_About this exercise:_ Copy out all of the data exactly as it appears.

_Extracted entries:_
Lemma annih_qclass a c : annih qmul [z] [a] [c] <-> H (mul c a).
Proof.
have congP := PH_congruence mulA H.
by rewrite /annih (qopE congP) (qclass_eq congP) PH_zero.
Qed.

Lemma cond_star_PH : cond_star qmul.
Proof.
have congP := PH_congruence mulA H.
have qE := qopE congP.
exists [e], [z].
split; [split; [|split; [|split]] | split].
- move=> x y w.
  have [a ->] := qclassP x; have [b ->] := qclassP y; have [c ->] := qclassP w.
  by rewrite !qE mulA.
- by move=> x y; have [a ->] := qclassP x; have [b ->] := qclassP y; rewrite !qE mulC.
- by move=> x; have [a ->] := qclassP x; rewrite !qE mul1 mulC mul1.
- by move=> x; have [a ->] := qclassP x; rewrite !qE mul0 mulC mul0.
- move=> s; have [a ->] := qclassP s => a_neq1 ann_zero.
  have [c hc] : exists c, ~ (H (mul c a) <-> H (mul c e)).
    apply: NNPP => h; apply/a_neq1/(qclass_eq congP)/PH_comm => c.
    by apply: NNPP => hc; apply: h; exists c.
  have H_mul c' : H c' -> H (mul c' a) by rewrite mulC; apply: H_ideal.
  rewrite [mul c e]mulC mul1 in hc.
  have Hc : ~ H c by move=> Hc; apply: hc; split=> // _; apply: H_mul.
  have Hca : H (mul c a) by apply: NNPP => Hca; apply: hc; split=> [/Hca|/H_mul].
  by apply/Hc/PH_zero/(qclass_eq congP)/ann_zero/annih_qclass.
- move=> s t; have [a ->] := qclassP s; have [b ->] := qclassP t => h.
  apply/(qclass_eq congP)/PH_comm => c.
  by rewrite -!annih_qclass.
Qed.

End ConditionStar.

Section Divisibility.
Variable D : idomainType.
Implicit Types a b c d g h k m p x y : D.

Lemma rdvd_refl x : rdvd x x. Proof. by exists 1; rewrite mul1r. Qed.

Lemma rdvd_trans x y w : rdvd x y -> rdvd y w -> rdvd x w.
Proof. by move=> [c ->] [d ->]; exists (d * c); ring. Qed.

Lemma rdvd_mull x y w : rdvd x y -> rdvd x (w * y).
Proof. by move=> [c ->]; exists (w * c); ring. Qed.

_Result for this exercise:_
Lemma annih_qclass a c : annih qmul [z] [a] [c] <-> H (mul c a).
Proof.
have congP := PH_congruence mulA H.
by rewrite /annih (qopE congP) (qclass_eq congP) PH_zero.
Qed.

Lemma cond_star_PH : cond_star qmul.
Proof.
have congP := PH_congruence mulA H.
have qE := qopE congP.
exists [e], [z].
split; [split; [|split; [|split]] | split].
- move=> x y w.
  have [a ->] := qclassP x; have [b ->] := qclassP y; have [c ->] := qclassP w.
  by rewrite !qE mulA.
- by move=> x y; have [a ->] := qclassP x; have [b ->] := qclassP y; rewrite !qE mulC.
- by move=> x; have [a ->] := qclassP x; rewrite !qE mul1 mulC mul1.
- by move=> x; have [a ->] := qclassP x; rewrite !qE mul0 mulC mul0.
- move=> s; have [a ->] := qclassP s => a_neq1 ann_zero.
  have [c hc] : exists c, ~ (H (mul c a) <-> H (mul c e)).
    apply: NNPP => h; apply/a_neq1/(qclass_eq congP)/PH_comm => c.
    by apply: NNPP => hc; apply: h; exists c.
  have H_mul c' : H c' -> H (mul c' a) by rewrite mulC; apply: H_ideal.
  rewrite [mul c e]mulC mul1 in hc.
  have Hc : ~ H c by move=> Hc; apply: hc; split=> // _; apply: H_mul.
  have Hca : H (mul c a) by apply: NNPP => Hca; apply: hc; split=> [/Hca|/H_mul].
  by apply/Hc/PH_zero/(qclass_eq congP)/ann_zero/annih_qclass.
- move=> s t; have [a ->] := qclassP s; have [b ->] := qclassP t => h.
  apply/(qclass_eq congP)/PH_comm => c.
  by rewrite -!annih_qclass.
Qed.

End ConditionStar.

Section Divisibility.
Variable D : idomainType.
Implicit Types a b c d g h k m p x y : D.

Lemma rdvd_refl x : rdvd x x. Proof. by exists 1; rewrite mul1r. Qed.

Lemma rdvd_trans x y w : rdvd x y -> rdvd y w -> rdvd x w.
Proof. by move=> [c ->] [d ->]; exists (d * c); ring. Qed.

Lemma rdvd_mull x y w : rdvd x y -> rdvd x (w * y).
Proof. by move=> [c ->]; exists (w * c); ring. Qed.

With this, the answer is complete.